Our Work the World house is based in Pokhara city, so each year we try to set up the Dental Outreach Project in the Pokhara valley as this gives us the opportunity to provide free dental care in the communities in which we work. This year though we decided to also set up two projects outside of the valley in Nuwakot, just a couple of hours north of Kathmandu. We thought it would provide an interesting comparison and help us decide where we are most needed.
The first camp was set up in Bidhur, a charming hill top settlement that overlooks a beautiful river valley with ancient temples scattered around the main village square. The last dental camp was conducted over a year ago by the rotary club, so it was a good opportunity for us to follow up on the good work. The community screening and the treatments were carried out at the village school with the portable dental equipments brought in from Kathmandu. 'The Famous Farm' was our student dentists' home for 2 weeks - a restored Newari manor house, tastefully decorated with traditional Nepali furniture. The kitchen served wonderful local food and the cook also bent backwards to accommodate our student's request for some western food!
The results from the first camp were impressive - 1002 people were screened with 594 those referred for treatment. Often the challenge is to make them understand the importance of coming back for treatment, so we were pleased to see that 540 returned with their treatment tickets. The whole project was a great success, with each student screening an average of 10 Nepalis per day, and treating 5. Great opportunities for hands-on work under the supervision of a professional dentist.
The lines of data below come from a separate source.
(* Let $K$ be a finite simplicial complex, let $f\colon K\to\mathbb{R}$ be an injective filtration function, let $\sigma_1,\ldots,\sigma_k$ be $n$-dimensional simplices of $K$, and let $\pi\in S_k$ be an arbitrary permutation of $\{1,\ldots,k\}$. Assume that for some $\varepsilon>0$ we have $$f(\sigma_1)<f(\sigma_2)<\cdots<f(\sigma_k)<f(\sigma_1)+2\varepsilon.$$ Then there exists an injective filtration function $g$ on $K$ such that $\|f-g\|_\infty\le\varepsilon$ and $$g(\sigma_{\pi(1)})<g(\sigma_{\pi(2)})<\cdots<g(\sigma_{\pi(k)}).$$
   Context: A filtration function on a finite simplicial complex $K$ is a map $f\colon K\to\mathbb{R}$ such that $f(\sigma)\le f(\tau)$ whenever $\sigma$ is a face of $\tau$. For two functions $f,g\colon K\to\mathbb{R}$, $\|f-g\|_\infty=\max_{\sigma\in K}|f(\sigma)-g(\sigma)|$. *)

From mathcomp Require Import all_boot all_order all_algebra all_fingroup.
From mathcomp Require Import reals.
Set Implicit Arguments. Unset Strict Implicit. Unset Printing Implicit Defensive.
Import Order.TTheory GRing.Theory Num.Theory.
Local Open Scope ring_scope.

Definition simplicial_complex (V : finType) (K : {set {set V}}) : Prop :=
  (forall s, s \in K -> s != set0) /\
  (forall s t : {set V}, s \in K -> t \subset s -> t != set0 -> t \in K).

Definition sdim (V : finType) (s : {set V}) : nat := #|s|.-1.

(* f : K -> R, represented as a function on vertex sets (values outside K
   are irrelevant). *)
Definition filtration (R : realType) (V : finType) (K : {set {set V}})
  (f : {set V} -> R) : Prop :=
  forall s t : {set V}, s \in K -> t \in K -> s \subset t -> f s <= f t.

Definition injective_on_K (R : realType) (V : finType) (K : {set {set V}})
  (f : {set V} -> R) : Prop :=
  forall s t : {set V}, s \in K -> t \in K -> f s = f t -> s = t.

Definition sup_dist_le (R : realType) (V : finType) (K : {set {set V}})
  (f g : {set V} -> R) (e : R) : Prop :=
  forall s, s \in K -> `|f s - g s| <= e.

(* Put a = f(sigma_1) and b = f(sigma_k), and shrink [a, b] towards its ends
   by the factor t = (b - a) / (4 eps) < 1/2: simplices of dimension < n are
   pushed into [a, a + t(b - a)], the other simplices of dimension >= n into
   [b - t(b - a), b], and values outside [a, b] stay put.  The middle band is
   then free, and the sigma_i are placed there on an evenly spaced grid in the
   order prescribed by pi.  Both shrinking maps are strictly increasing, so the
   new function stays injective; faces of sigma_i have smaller dimension and
   land below the band, cofaces land above it, so it stays a filtration; and
   every value moves by at most (1 - t)(b - a) <= eps. *)
From mathcomp Require Import all_boot all_order all_algebra all_fingroup.
From mathcomp Require Import reals lra.
Import Order.TTheory GRing.Theory Num.Theory.
Set Implicit Arguments. Unset Strict Implicit. Unset Printing Implicit Defensive.
Local Open Scope ring_scope.

Definition squeeze_down (R : realFieldType) (a b t x : R) : R :=
  if a <= x <= b then a + t * (x - a) else x.

Definition squeeze_up (R : realFieldType) (a b t x : R) : R :=
  if a <= x <= b then b - t * (b - x) else x.

Section Squeeze.
Variables (R : realFieldType) (a b t : R).

Variant squeeze_spec (x : R) : R -> R -> Type :=
  | SqueezeBelow of x < a : squeeze_spec x x x
  | SqueezeIn of a <= x & x <= b :
      squeeze_spec x (a + t * (x - a)) (b - t * (b - x))
  | SqueezeAbove of b < x : squeeze_spec x x x.

Lemma squeezeP x : squeeze_spec x (squeeze_down a b t x) (squeeze_up a b t x).
Proof.
rewrite /squeeze_down /squeeze_up.
case: (lerP a x) => [ax|xa]; last exact: SqueezeBelow.
by case: (lerP x b) => [xb|bx]; [exact: SqueezeIn | exact: SqueezeAbove].
Qed.

Lemma squeeze_down_lt : 0 < t -> t <= 1 -> {homo squeeze_down a b t : x y / x < y}.
Proof. by move=> ? ? x y ?; case: (squeezeP x); case: (squeezeP y) => *; nra. Qed.

Lemma squeeze_up_lt : 0 < t -> t <= 1 -> {homo squeeze_up a b t : x y / x < y}.
Proof. by move=> ? ? x y ?; case: (squeezeP x); case: (squeezeP y) => *; nra. Qed.

Lemma squeeze_down_le x : t <= 1 -> squeeze_down a b t x <= x.
Proof. by move=> *; case: squeezeP => *; nra. Qed.

Lemma squeeze_up_ge x : t <= 1 -> x <= squeeze_up a b t x.
Proof. by move=> *; case: squeezeP => *; nra. Qed.

Lemma squeeze_down_le_band x :
  a <= b -> 0 <= t -> x <= b -> squeeze_down a b t x <= a + t * (b - a).
Proof. by move=> *; case: squeezeP => *; nra. Qed.

Lemma squeeze_up_ge_band x :
  a <= b -> 0 <= t -> a <= x -> b - t * (b - a) <= squeeze_up a b t x.
Proof. by move=> *; case: squeezeP => *; nra. Qed.

Lemma squeeze_down_gt_band x : a <= b -> 0 <= t ->
  a + t * (b - a) < squeeze_down a b t x -> b < squeeze_down a b t x.
Proof. by move=> ? ?; case: squeezeP => *; nra. Qed.

Lemma squeeze_up_lt_band x : a <= b -> 0 <= t ->
  squeeze_up a b t x < b - t * (b - a) -> squeeze_up a b t x < a.
Proof. by move=> ? ?; case: squeezeP => *; nra. Qed.

Lemma squeeze_down_eq_up x y : a < b -> 0 <= t -> 2 * t < 1 ->
  squeeze_down a b t x = squeeze_up a b t y -> x = y.
Proof. by move=> ? ? ?; case: (squeezeP x); case: (squeezeP y) => *; nra. Qed.

Lemma norm_sub_squeeze_down x :
  a <= b -> 0 <= t -> t <= 1 -> `|x - squeeze_down a b t x| <= (1 - t) * (b - a).
Proof.
by move=> *; rewrite ler_norml; case: squeezeP => *; apply/andP; split; nra.
Qed.

Lemma norm_sub_squeeze_up x :
  a <= b -> 0 <= t -> t <= 1 -> `|x - squeeze_up a b t x| <= (1 - t) * (b - a).
Proof.
by move=> *; rewrite ler_norml; case: squeezeP => *; apply/andP; split; nra.
Qed.

Definition squeeze (down : bool) : R -> R :=
  if down then squeeze_down a b t else squeeze_up a b t.

Lemma squeeze_le (down down' : bool) x y : a <= b -> 0 < t -> t <= 1 ->
  down' ==> down -> x <= y -> squeeze down x <= squeeze down' y.
Proof.
move=> ab t0 t1 + xy; case: down; case: down' => //= _.
- by rewrite (le_mono (squeeze_down_lt t0 t1)).
- exact: le_trans (squeeze_down_le _ t1) (le_trans xy (squeeze_up_ge _ t1)).
- by rewrite (le_mono (squeeze_up_lt t0 t1)).
Qed.

Lemma squeeze_eq (down down' : bool) x y : a < b -> 0 < t -> 2 * t < 1 ->
  squeeze down x = squeeze down' y -> x = y.
Proof.
move=> ab t0 t_half; have t1 : t <= 1 by lra.
case: down; case: down' => /=.
- exact/inc_inj/le_mono/squeeze_down_lt.
- exact: squeeze_down_eq_up (ltW t0) t_half.
- by move/esym/(squeeze_down_eq_up ab (ltW t0) t_half)/esym.
- exact/inc_inj/le_mono/squeeze_up_lt.
Qed.

Lemma squeeze_gt_band (down : bool) x : a <= b -> 0 <= t ->
  a + t * (b - a) < squeeze down x -> b - t * (b - a) <= squeeze down x.
Proof.
move=> ab t0; case: down => /= lo_lt.
  by have := squeeze_down_gt_band ab t0 lo_lt; nra.
rewrite leNgt; apply/negP => /(squeeze_up_lt_band ab t0); nra.
Qed.

Lemma norm_sub_squeeze (down : bool) x : a <= b -> 0 <= t -> t <= 1 ->
  `|x - squeeze down x| <= (1 - t) * (b - a).
Proof. by case: down; [exact: norm_sub_squeeze_down | exact: norm_sub_squeeze_up]. Qed.

End Squeeze.

Definition grid_point (R : realFieldType) (lo hi : R) (k j : nat) : R :=
  lo + (hi - lo) * (j.+1%:R / k.+1%:R).

Section GridPoint.
Variables (R : realFieldType) (lo hi : R) (k : nat).

Lemma grid_point_lt : lo < hi -> {homo grid_point lo hi k : i j / (i < j)%N >-> i < j}.
Proof.
move=> lt_lo_hi i j ij; rewrite ltrD2l ltr_pM2l ?subr_gt0 //.
by rewrite ltr_pM2r ?invr_gt0 ?ltr0n // ltr_nat.
Qed.

Lemma grid_point_gt_lo j : lo < hi -> lo < grid_point lo hi k j.
Proof.
move=> lt_lo_hi; rewrite ltrDl mulr_gt0 ?subr_gt0 //.
by rewrite divr_gt0 ?ltr0n.
Qed.

Lemma grid_point_lt_hi j : lo < hi -> (j < k)%N -> grid_point lo hi k j < hi.
Proof.
move=> lt_lo_hi jk; rewrite -ltrBrDl gtr_pMr ?subr_gt0 //.
by rewrite ltr_pdivrMr ?ltr0n // mul1r ltr_nat.
Qed.

End GridPoint.

Section Reorder.
Variables (R : realType) (V : finType) (K : {set {set V}}) (f : {set V} -> R).
Variables (n k : nat) (sigma : 'I_k -> {set V}) (pi : 'S_k) (a b t : R).
Hypotheses (f_filt : filtration K f) (f_inj : injective_on_K K f).
Hypotheses (sigma_inj : injective sigma).
Hypotheses (card_sigma : forall i, #|sigma i| = n.+1).
Hypotheses (f_sigma : forall i, a <= f (sigma i) <= b).
Hypotheses (lt_ab : a < b) (t_gt0 : 0 < t) (t_lt_half : 2 * t < 1).

Local Notation lo := (a + t * (b - a)).
Local Notation hi := (b - t * (b - a)).

Let le_ab : a <= b := ltW lt_ab.
Let t_ge0 : 0 <= t := ltW t_gt0.
Let t_le1 : t <= 1. Proof. by have := t_lt_half; have := t_gt0; lra. Qed.

Definition reorder (s : {set V}) : R :=
  if [pick i | s == sigma i] is Some i then grid_point lo hi k (pi^-1 i)%g
  else squeeze a b t (#|s| <= n)%N (f s).

Variant reorder_spec (s : {set V}) : R -> Type :=
  | ReorderSigma i of s = sigma i : reorder_spec s (grid_point lo hi k (pi^-1 i)%g)
  | ReorderOther of (forall i, s != sigma i) :
      reorder_spec s (squeeze a b t (#|s| <= n)%N (f s)).

Lemma reorderP s : reorder_spec s (reorder s).
Proof.
rewrite /reorder; case: pickP => [i /eqP -> | not_sigma]; first exact: ReorderSigma.
by apply: ReorderOther => i; rewrite not_sigma.
Qed.

Lemma reorder_sigma i : reorder (sigma i) = grid_point lo hi k (pi^-1 i)%g.
Proof. by case: reorderP => [j /sigma_inj -> // | /(_ i)]; rewrite eqxx. Qed.

Lemma lo_lt_hi : lo < hi.
Proof. by have := lt_ab; have := t_lt_half; nra. Qed.

Lemma grid_in_band (j : 'I_k) : lo < grid_point lo hi k j < hi.
Proof. by rewrite grid_point_gt_lo ?grid_point_lt_hi ?lo_lt_hi. Qed.

Lemma grid_neq_squeeze (j : 'I_k) (down : bool) x :
  grid_point lo hi k j != squeeze a b t down x.
Proof.
have /andP[lo_lt_grid grid_lt_hi] := grid_in_band j.
apply/eqP => grid_eq; rewrite grid_eq in lo_lt_grid grid_lt_hi.
by have := squeeze_gt_band le_ab t_ge0 lo_lt_grid; rewrite leNgt grid_lt_hi.
Qed.

Lemma reorder_filtration : filtration K reorder.
Proof.
move=> s s'; case: (reorderP s) => [i -> | s_other];
  case: (reorderP s') => [j -> | s'_other] sK s'K sub; have f_le := f_filt sK s'K sub.
- by have -> : i = j by apply/sigma_inj/eqP; rewrite eqEcard sub !card_sigma leqnn.
- have s'_high : (#|s'| <= n)%N = false.
    by apply/negbTE; rewrite -ltnNge -(card_sigma i) subset_leq_card.
  rewrite s'_high /=; have /andP[_ /ltW grid_le_hi] := grid_in_band (pi^-1 i)%g.
  apply: le_trans grid_le_hi (squeeze_up_ge_band le_ab t_ge0 _).
  by have /andP[a_le _] := f_sigma i; apply: le_trans a_le f_le.
- have s_low : (#|s| <= n)%N.
    by rewrite -ltnS -(card_sigma j) (ltn_leqif (subset_leqif_cards sub)) s_other.
  rewrite s_low /=; have /andP[lo_lt_grid _] := grid_in_band (pi^-1 j)%g.
  apply: le_trans (squeeze_down_le_band le_ab t_ge0 _) (ltW lo_lt_grid).
  by have /andP[_ le_b] := f_sigma j; apply: le_trans f_le le_b.
- by apply: squeeze_le => //; apply/implyP => /(leq_trans (subset_leq_card sub)).
Qed.

Lemma reorder_inj : injective_on_K K reorder.
Proof.
move=> s s' sK s'K; case: (reorderP s) => [i -> | s_other];
  case: (reorderP s') => [j -> | s'_other].
- by move/(inc_inj (le_mono (grid_point_lt k lo_lt_hi)))/val_inj/perm_inj ->.
- by move/eqP; rewrite (negbTE (grid_neq_squeeze _ _ _)).
- by move/eqP; rewrite eq_sym (negbTE (grid_neq_squeeze _ _ _)).
- by move/(squeeze_eq lt_ab t_gt0 t_lt_half)/f_inj; apply.
Qed.

Lemma reorder_dist : sup_dist_le K f reorder ((1 - t) * (b - a)).
Proof.
move=> s _; case: reorderP => [i -> | _]; last exact: norm_sub_squeeze.
have := f_sigma i; have := grid_in_band (pi^-1 i)%g.
by rewrite ler_norml => /andP[? ?] /andP[? ?]; apply/andP; split; lra.
Qed.

Lemma reorder_sigma_perm_lt (i j : 'I_k) :
  (i < j)%N -> reorder (sigma (pi i)) < reorder (sigma (pi j)).
Proof. by move=> ij; rewrite !reorder_sigma !permK; exact: grid_point_lt lo_lt_hi _ _ ij. Qed.

End Reorder.

Lemma shrink_factor_bounds (R : realFieldType) (d e : R) : 0 < d -> d < 2 * e ->
  [/\ 0 < d / (4 * e), 2 * (d / (4 * e)) < 1 & (1 - d / (4 * e)) * d <= e].
Proof.
move=> d_gt0 d_lt; have e_gt0 : 0 < e by lra.
have tE : d / (4 * e) * (4 * e) = d by rewrite divfK // mulf_neq0 // gt_eqF.
(* after scaling by 4e, the last bound reads (2e - d)^2 >= 0 *)
split; nra.
Qed.

Theorem corollary2p2 (R : realType) (V : finType) (K : {set {set V}})
  (f : {set V} -> R) (n k : nat) (sigma : 'I_k -> {set V}) (pi : 'S_k)
  (eps : R) :
  simplicial_complex K ->
  filtration K f -> injective_on_K K f ->
  (forall i, sigma i \in K) ->
  (forall i, sdim (sigma i) = n) ->
  0 < eps ->
  (forall i j : 'I_k, (i < j)%N -> f (sigma i) < f (sigma j)) ->
  (forall i j : 'I_k, nat_of_ord i = 0%N -> nat_of_ord j = k.-1 ->
     f (sigma j) < f (sigma i) + 2 * eps) ->
  exists g : {set V} -> R,
    [/\ filtration K g, injective_on_K K g, sup_dist_le K f g eps &
        forall i j : 'I_k, (i < j)%N -> g (sigma (pi i)) < g (sigma (pi j))].
Proof.
move=> [K_nonempty _] f_filt f_inj sigmaK sigma_dim eps_gt0 f_sigma_lt f_sigma_span.
case: k => [|[|k]] in sigma pi sigmaK sigma_dim f_sigma_lt f_sigma_span *.
1,2: exists f; split=> // [s _ | i j]; first by rewrite subrr normr0 ltW.
1,2: by [case: i | rewrite !ord1].
have sigma_inj : injective sigma.
  exact/(inj_compr (f := f))/inc_inj/le_mono => i j; apply: f_sigma_lt.
have card_sigma i : #|sigma i| = n.+1.
  by rewrite -(sigma_dim i) /sdim prednK // card_gt0 K_nonempty ?sigmaK.
set a := f (sigma ord0); set b := f (sigma ord_max).
have f_sigma i : a <= f (sigma i) <= b.
  by rewrite !(le_mono f_sigma_lt) !leEord leq_ord.
have lt_ab : a < b by apply: f_sigma_lt.
have span_gt0 : 0 < b - a by rewrite subr_gt0.
have span_lt : b - a < 2 * eps.
  by have := f_sigma_span ord0 ord_max erefl erefl; rewrite -/a -/b; lra.
have [t_gt0 t_lt_half shrink_le] := shrink_factor_bounds span_gt0 span_lt.
exists (reorder f n sigma pi a b ((b - a) / (4 * eps))); split.
- exact: reorder_filtration.
- exact: reorder_inj.
- by move=> s sK; apply: le_trans shrink_le; apply: reorder_dist.
- exact: reorder_sigma_perm_lt.
Qed.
The second camp was established in Jurethum, conveniently located about an hour away from Bidhur. It's a typical Nepalese village built around the trunk road which links Nuwakot and Kathmandu, situated about 35 km North West of the capital. For this reason, the village is also known to locals as '35 kilo'. The student dentists and staff were accommodated at a friendly, family run guesthouse called the Fall and Trout Village Fish Farm in Kakani. The temporary clinic was set up at a village school just 10 minutes drive and despite its proximity to Kathmandu, the elevation of 1,650m meant that the patients had little access to dental care unless they were willing to travel to the city.
As with the first, the figures from Jurethum were just as impressive. It was a slightly smaller group and visits were interrupted by heavy rains, but on average each student screened 7 people and treated 6 per day. As with Bidhur, the majority of referrals (the bulk of those screened needed treatment) returned for treatment.
The third and fourth camps were back in the Pokhara Valley, with the first set up in Dhampus. This one was possibly the most ambitious out of the four projects as reaching the project location involved a three to five hours trek (depending on individual fitness)! But with an enthusiastic group of student dentists, I can report that we were able to transport all the equipment and set up camp. Quite a challenging environment to work and something completely new for the students. The project is going on as I type and I'm getting daily progress reports of the busy clinic work. It seems patients often require several appointments as there are so many problems with their teeth.
Since Dhampus is a remote village, our student dentists and staff are accommodated in a fairly simple lodge with basic facilities. But what makes this lodge special is the landlady who runs the guesthouse - she's the head of the village's Mother Union and she's keen to make all our participants feel very much at home in the mountain. Sunil has reported that she has organised a performance for our students later this week!
The last dental outreach project is scheduled to start in just under 10 days. It's in a village called Bhaduare, another hilltop settlement inhabited by mixed Nepalese communities, otherwise known as Gurung, Dalit, Bishwo Karma and Brahmin people. There are no dental clinics near Bhadaure so our temporary clinic will be set up at the village hall. The accommodation will be at the Holiness Food and Guesthouse. It's a fairly simple lodge, similar to Dhampus as the village is situated in a remote location. The guesthouse is in the heart of the village and within walking distance to the community hall, where the temporary clinic will be set up.
Nepal is certainly not short of villages that can really benefit from our outreach projects and we'll update you on the progress of the last two projects as soon as we get the figures in. We will also keep you posted about our plans for next year... we have some exciting ideas and also some potential new locations, so watch this space!